For the vast majority of Somerset's history, a Championship title has been a distant dream. Even now, after a decade stuffed with near misses in all competitions, players and supporters are unwilling to imagine success for fear of the pain that disappointment can bring. They have had their fill of that.
But, with a battling line-up stuffed with class and experience and a bowling line-up that has a blend of youth and experience that seems to be combining nicely, confidence is rising at the club. Somerset lack neither investment nor ambition - few clubs have a higher salary bill - and Alviro Petersen will be replaced by an overseas batsman, almost certainly a South African, while he is away on international duty. An announcement is expected shortly.
While Thomas puts his sustained performance down to a large stock of anti-inflammatory pain killers - "I'll have to stock up," he said with a smile afterwards - and an ice machine that he applies to his back, shoulders, ankles and knees every day - "Just don't tell my wife how much it cost, she'd kill me" - he considers the defining moment of his career, the time in the winter of 2007-08 when Brian Rose persuaded him to join Somerset. While Rose moved on from his position as director of cricket at the end of 2012 his influence remains on the club he served so well for so long.
And while Thomas admits he considered retiring from red-ball cricket before the season - "It was the shoulder, then it was the back, and you lie in bed at night and think 'Is this the end?'" - he has plenty to play on for now.

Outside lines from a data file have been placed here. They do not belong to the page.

Lemma cross_perp_ij a0 a1 a2 a3 b0 b1 b2 b3 :
  cross (frame_comb 0 0 0 a0 a1 a2 a3) j + cross i (frame_comb 0 0 0 b0 b1 b2 b3) =
  frame_comb 0 0 0 (a2 - b1) (a3 + b0) (b3 - a0) (- (a1 + b2)).
Proof.
rewrite -[j]frame_comb_j -[i]frame_comb_i.
rewrite cross_frame_combC cross_frame_comb frame_combD.
by apply: frame_comb_congr; ring.
Qed.

Definition tangent_act (a0 a1 a2 a3 b0 b1 b2 b3 c0 c1 c2 c3 c4 c5 c6 : R) :=
  frame_comb (a0 * c3 + a1 * c4 + a2 * c5 + a3 * c6)
    (b0 * c3 + b1 * c4 + b2 * c5 + b3 * c6)
    ((a2 - b1) * c3 + (a3 + b0) * c4 + (b3 - a0) * c5 - (a1 + b2) * c6)
    (c0 * a0 + c1 * b0 + c2 * (a2 - b1)) (c0 * a1 + c1 * b1 + c2 * (a3 + b0))
    (c0 * a2 + c1 * b2 + c2 * (b3 - a0)) (c0 * a3 + c1 * b3 - c2 * (a1 + b2)).

Lemma tangent_mx_frame_comb a0 a1 a2 a3 b0 b1 b2 b3 c0 c1 c2 c3 c4 c5 c6 :
  tangent_mx (frame_comb 0 0 0 a0 a1 a2 a3) (frame_comb 0 0 0 b0 b1 b2 b3)
    *m frame_comb c0 c1 c2 c3 c4 c5 c6 =
  tangent_act a0 a1 a2 a3 b0 b1 b2 b3 c0 c1 c2 c3 c4 c5 c6.
Proof.
rewrite /tangent_act /tangent_mx cross_perp_ij /sym_outer !mulmxDl !mul_outer.
rewrite innp_i_frame_comb innp_j_frame_comb innp_k_frame_comb !innp_frame_comb.
frame_ring.
Qed.

Lemma tangent_mx_i a0 a1 a2 a3 b0 b1 b2 b3 :
  tangent_mx (frame_comb 0 0 0 a0 a1 a2 a3) (frame_comb 0 0 0 b0 b1 b2 b3) *m i =
  frame_comb 0 0 0 a0 a1 a2 a3.
Proof.
rewrite -{1}frame_comb_i tangent_mx_frame_comb /tangent_act.
by apply: frame_comb_congr; ring.
Qed.

Lemma tangent_mx_j a0 a1 a2 a3 b0 b1 b2 b3 :
  tangent_mx (frame_comb 0 0 0 a0 a1 a2 a3) (frame_comb 0 0 0 b0 b1 b2 b3) *m j =
  frame_comb 0 0 0 b0 b1 b2 b3.
Proof.
rewrite -{1}frame_comb_j tangent_mx_frame_comb /tangent_act.
by apply: frame_comb_congr; ring.
Qed.

Definition tangent_basis (m : 'I_8) : 'M[R]_7 :=
  tangent_mx
    (frame_comb 0 0 0 (m == 0 :> nat)%:R (m == 1 :> nat)%:R (m == 2 :> nat)%:R (m == 3 :> nat)%:R)
    (frame_comb 0 0 0 (m == 4 :> nat)%:R (m == 5 :> nat)%:R (m == 6 :> nat)%:R (m == 7 :> nat)%:R).

Lemma sum_tangent_basis (c : 'I_8 -> R) :
  \sum_(m < 8) c m *: tangent_basis m =
  tangent_mx (frame_comb 0 0 0 (c (inord 0)) (c (inord 1)) (c (inord 2)) (c (inord 3)))
             (frame_comb 0 0 0 (c (inord 4)) (c (inord 5)) (c (inord 6)) (c (inord 7))).
Proof.
rewrite -tangent_mx_sum !sum_ord_iota /= !big_cons !big_nil !addr0 !inordK //=.
rewrite !frame_combZ !frame_combD.
by congr tangent_mx; apply: frame_comb_congr; ring.
Qed.

Definition tangent_tuple : 8.-tuple 'M[R]_7 := [tuple tangent_basis m | m < 8].

Lemma sum_tangent_tuple (c : 'I_8 -> R) :
  \sum_(m < 8) c m *: tangent_tuple`_m = \sum_(m < 8) c m *: tangent_basis m.
Proof. by apply: eq_bigr => m _; rewrite -tnth_nth tnth_mktuple. Qed.

Lemma tangent_tuple_free : free tangent_tuple.
Proof.
apply/freeP => c; rewrite sum_tangent_tuple sum_tangent_basis => D0.
have := congr1 (mulmx^~ i) D0; have := congr1 (mulmx^~ j) D0.
rewrite /= tangent_mx_i tangent_mx_j !mul0mx => Dj Di.
have coords v : v = 0 -> [/\ innp l v = 0, innp (cross i l) v = 0,
    innp (cross j l) v = 0 & innp (cross k l) v = 0].
  by move=> ->; rewrite !innp0r.
case: (coords _ Di) (coords _ Dj).
rewrite !innp_l_frame_comb !innp_il_frame_comb !innp_jl_frame_comb !innp_kl_frame_comb.
move=> c0 c1 c2 c3 [c4 c5 c6 c7] m; rewrite -(inord_val m).
by case: m => [[|[|[|[|[|[|[|[|m]]]]]]]] //= _].
Qed.

Lemma tangent_tuple_dim : \dim <<tangent_tuple>>%VS = 8%N.
Proof. by move: tangent_tuple_free; rewrite /free size_tuple => /eqP. Qed.

Section Tangent.
Variable pi : 'M[R]_7.
Hypothesis pi_MS : inMS' pi.
Hypothesis i_im : inIm pi i.
Hypothesis j_im : inIm pi j.
Hypothesis l_perp : forall v, inIm pi v -> innp l v = 0.

Lemma pi_i : pi *m i = i. Proof. exact: (inIm_fixed pi_MS i_im). Qed.
Lemma pi_j : pi *m j = j. Proof. exact: (inIm_fixed pi_MS j_im). Qed.
Lemma pi_k : pi *m k = k. Proof. exact: (im_pi_cross pi_MS pi_i pi_j). Qed.

Lemma pi_l : pi *m l = 0.
Proof. by apply: (ker_pi_orthogonal pi_MS) => y; apply: l_perp; exists y. Qed.

Lemma pi_cross_l q : pi *m q = q -> pi *m cross q l = 0.
Proof.
move=> pq; apply: (ker_pi_orthogonal pi_MS) => y; rewrite innp_crossl innpC.
by apply: l_perp; exists (cross (pi *m y) q); rewrite (im_pi_cross pi_MS) // mulmxA pi_MS.1.1.
Qed.
Definition Gomega (G : seq (seq nat)) (lam : seq nat -> lab)
  (HG : tree_plan G lam) : Lstr G :=
  {| car := gcar G lam;
     s_eps := g_eps HG;
     s_meet := @g_meet G lam HG;
     s_pred := @g_pred G lam HG;
     s_le := @g_le G lam;
     s_P := @g_P G lam |}.

Inductive term :=
| TVar of nat
| TEps
| TMeet of term & term
| TPred of term.

Inductive formula (G : seq (seq nat)) :=
| FFalse
| FEq of term & term
| FLe of term & term
| FP of {s : seq nat | s \in G} & term
| FNot of formula G
| FAnd of formula G & formula G
| FOr of formula G & formula G
| FImp of formula G & formula G
| FAll of nat & formula G
| FEx of nat & formula G.
Arguments FFalse {G}.

Fixpoint eval G (M : Lstr G) (v : nat -> M) (t : term) : M :=
  match t with
  | TVar n => v n
  | TEps => s_eps M
  | TMeet t1 t2 => s_meet (eval v t1) (eval v t2)
  | TPred t1 => s_pred (eval v t1)
  end.

Definition upd (T : Type) (v : nat -> T) (n : nat) (a : T) : nat -> T :=
  fun k => if k == n then a else v k.

Fixpoint sat G (M : Lstr G) (v : nat -> M) (f : formula G) : Prop :=
  match f with
  | FFalse => False
  | FEq t1 t2 => eval v t1 = eval v t2
  | FLe t1 t2 => s_le (eval v t1) (eval v t2)
  | FP s t => s_P s (eval v t)
  | FNot f1 => ~ sat v f1
  | FAnd f1 f2 => sat v f1 /\ sat v f2
  | FOr f1 f2 => sat v f1 \/ sat v f2
  | FImp f1 f2 => sat v f1 -> sat v f2
  | FAll n f1 => forall a : M, sat (upd v n a) f1
  | FEx n f1 => exists a : M, sat (upd v n a) f1
  end.

Fixpoint fvt (t : term) : seq nat :=
  match t with
  | TVar n => [:: n]
  | TEps => [::]
  | TMeet t1 t2 => fvt t1 ++ fvt t2
  | TPred t1 => fvt t1
  end.

Fixpoint fv G (f : formula G) : seq nat :=
  match f with
  | FFalse => [::]
  | FEq t1 t2 | FLe t1 t2 => fvt t1 ++ fvt t2
  | FP _ t => fvt t
  | FNot f1 => fv f1
  | FAnd f1 f2 | FOr f1 f2 | FImp f1 f2 => fv f1 ++ fv f2
  | FAll n f1 | FEx n f1 => [seq k <- fv f1 | k != n]
  end.

Fixpoint qfree G (f : formula G) : bool :=
  match f with
  | FFalse | FEq _ _ | FLe _ _ | FP _ _ => true
  | FNot f1 => qfree f1
  | FAnd f1 f2 | FOr f1 f2 | FImp f1 f2 => qfree f1 && qfree f2
  | FAll _ _ | FEx _ _ => false
  end.

Definition sentence G (f : formula G) : bool := fv f == [::].

Definition theory G := formula G -> Prop.

Definition Th G (M : Lstr G) : theory G :=
  fun f => sentence f /\ forall v : nat -> M, sat v f.

Definition models G (M : Lstr G) (T : theory G) : Prop :=
  forall f, T f -> forall v : nat -> M, sat v f.

Definition Liso G (M N : Lstr G) : Prop :=
  exists h : M -> N,
    bijective h /\
    h (s_eps M) = s_eps N /\
    (forall x y, h (s_meet x y) = s_meet (h x) (h y)) /\
    (forall x, h (s_pred x) = s_pred (h x)) /\
    (forall x y, s_le x y <-> s_le (h x) (h y)) /\
    (forall s x, s_P s x <-> s_P s (h x)).

Definition countably_infinite (T : Type) : Prop :=
  exists f : nat -> T, bijective f.

Definition aleph0_categorical G (T : theory G) : Prop :=
  forall M N : Lstr G, models M T -> models N T ->
    countably_infinite M -> countably_infinite N -> Liso M N.

Definition has_QE G (T : theory G) : Prop :=
  forall f : formula G, exists g : formula G,
    qfree g /\ {subset fv g <= fv f} /\
    forall M : Lstr G, models M T -> forall v : nat -> M, sat v f <-> sat v g.

From mathcomp Require Import all_boot zify.
From Stdlib Require Import Classical ClassicalEpsilon.
Set Implicit Arguments. Unset Strict Implicit. Unset Printing Implicit Defensive.

(* The key fact is that Gamma(omega) is homogeneous in a strong, finitary sense:
   two tuples with the same pi-labels and the same "meet pattern" (which prefix
   lengths of pairs of elements coincide) are conjugate under an automorphism.
   Automorphisms are built by relabelling: at every node, the omega-labels of
   the children are permuted by a permutation that may depend on the node, and
   a finite partial injection of labels extends to such a permutation.  Since
   elements have depth bounded by the height of Gamma, the pi-labels and the
   meet pattern of a tuple indexed by X are expressed by finitely many atomic
   formulas (P_sigma x and pred^a x = pred^b y); a complete conjunction of these
   literals (a "diagram") therefore decides every formula with free variables in
   X in Gamma(omega), and by completeness of Th every model of Th agrees.
   Quantifier elimination follows by taking the disjunction of the diagrams
   implying a given formula.  For categoricity, diagrams isolate complete types,
   which gives the forth step of a back-and-forth between two countable models;
   interleaving two enumerations yields an elementary correspondence, hence an
   isomorphism. *)

Lemma eqfun_in_cat (T : Type) (s1 s2 : seq nat) (v w : nat -> T) :
  {in s1 ++ s2, v =1 w} -> {in s1, v =1 w} /\ {in s2, v =1 w}.
Proof. by move=> H; split=> x hx; apply: H; rewrite mem_cat hx ?orbT. Qed.

Lemma eqfun_in_upd (T : Type) (s : seq nat) (v w : nat -> T) n a :
  {in [seq k <- s | k != n], v =1 w} -> {in s, upd v n a =1 upd w n a}.
Proof.
by move=> H x hx; rewrite /upd; case: eqP => // /eqP xn; apply: H; rewrite mem_filter xn.
Qed.

Lemma eval_ext G (M : Lstr G) (v w : nat -> M) t :
  {in fvt t, v =1 w} -> eval v t = eval w t.
Proof.
elim: t => [n | | t1 IH1 t2 IH2 | t IH] //= H; first by apply: H; rewrite inE.
  by case: (eqfun_in_cat H) => /IH1-> /IH2->.
by rewrite IH.
Qed.

Lemma sat_coinc G (M : Lstr G) (f : formula G) (v w : nat -> M) :
  {in fv f, v =1 w} -> (sat v f <-> sat w f).
Proof.
elim: f v w => [|t1 t2|t1 t2|s t|f IH|f1 IH1 f2 IH2|f1 IH1 f2 IH2|f1 IH1 f2 IH2
  |n f IH|n f IH] v w /= H //.
- by case: (eqfun_in_cat H) => /eval_ext-> /eval_ext->.
- by case: (eqfun_in_cat H) => /eval_ext-> /eval_ext->.
- by rewrite (eval_ext H).
- by rewrite (IH v w H).
- by case: (eqfun_in_cat H) => /IH1-> /IH2->.
- by case: (eqfun_in_cat H) => /IH1-> /IH2->.
- by case: (eqfun_in_cat H) => /IH1-> /IH2->.
- by split=> h a; apply/(IH _ _ (eqfun_in_upd a H)).
- by split=> -[a h]; exists a; apply/(IH _ _ (eqfun_in_upd a H)).
Qed.

Lemma sat_ext G (M : Lstr G) (f : formula G) (v w : nat -> M) :
  v =1 w -> (sat v f <-> sat w f).
Proof. by move=> H; apply: sat_coinc => x _; apply: H. Qed.

Fixpoint closeAll G (X : seq nat) (f : formula G) : formula G :=
  if X is n :: X' then FAll n (closeAll X' f) else f.

Lemma fv_closeAll G X (f : formula G) k :
  (k \in fv (closeAll X f)) = (k \in fv f) && (k \notin X).
Proof.
elim: X => [|n X IH] /=; first by rewrite andbT.
by rewrite mem_filter IH inE negb_or; case: (k \in fv f); case: (k == n).
Qed.

Lemma closeAll_sentence G (f : formula G) : sentence (closeAll (fv f) f).
Proof.
apply/eqP; case E: (fv (closeAll (fv f) f)) => [|k s] //.
have : k \in fv (closeAll (fv f) f) by rewrite E inE eqxx.
by rewrite fv_closeAll; case: (k \in fv f).
Qed.

Lemma sat_closeAll G (M : Lstr G) X (f : formula G) :
  (forall v : nat -> M, sat v (closeAll X f)) <-> (forall v : nat -> M, sat v f).
Proof.
elim: X => [|n X IH] //=; split=> [h|h v a]; last exact: (proj2 IH h).
apply: (proj1 IH) => v; apply: (proj1 (sat_ext _ _)) (h v (v n)).
by move=> x; rewrite /upd; case: eqP => [->|].
Qed.

Lemma Th_transfer G (M : Lstr G) lam (HG : tree_plan G lam) (f : formula G) :
  models M (Th (Gomega HG)) ->
  (forall v, sat (M := Gomega HG) v f) -> forall v : nat -> M, sat v f.
Proof.
move=> hM h; apply/(sat_closeAll M (fv f)); apply: hM.
by split; [exact: closeAll_sentence | apply/sat_closeAll].
Qed.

"This could be the year," Thomas said. "I'm starting to believe. Taunton is home now for me and my family don't want to go anywhere.
"That was the first hat-trick of my professional career and has to be right up with the highlights. But yes, the turning point of my career came when a man called Brian Rose showed belief in me. I love Somerset."
If Somerset do win the Championship - and a final game away against Yorkshire already looks tantalising - it would be a popular success for most cricket lovers simply due to the affection in which Marcus Trescothick is held. No-one symbolises the spirit of Somerset more than Trescothick.
While his powers as a batsman may be dimming and he will undergo a scan on his groin after pulling up sharply while batting in the second innings, there is a sense that, after an excellent career touched by sadness, he deserves the success that has eluded him and every Somerset cricketer before him.
And if you needed one moment to sum up Trescothick's commitment, his desire, his selflessness and his humility, it is the sight of him, over after over, perched under the helmet at short leg. "Someone has to do it," he says matter of factly. Not many 38-year-old captains would take such a view.
For Sussex this was a worrying performance. They look over-reliant upon a couple of key individuals - Joyce with the bat and Steve Magoffin with the ball - and, with England calls biting hard, appear to lack depth in their squad. Such is the absence of a quality spin bowler - though Will Beer bowled better in the second innings - that Ashar Zaidi looks set to be recalled.
To rub salt in the wound, Sussex also learned that they will be without Michael Yardy for another six to eight weeks after it emerged that he is to undergo surgery on his bicep injury. With Matt Prior and Chris Jordan also likely to be absent for long periods on England duty, it leaves Sussex scouring the loan market for possible reinforcements.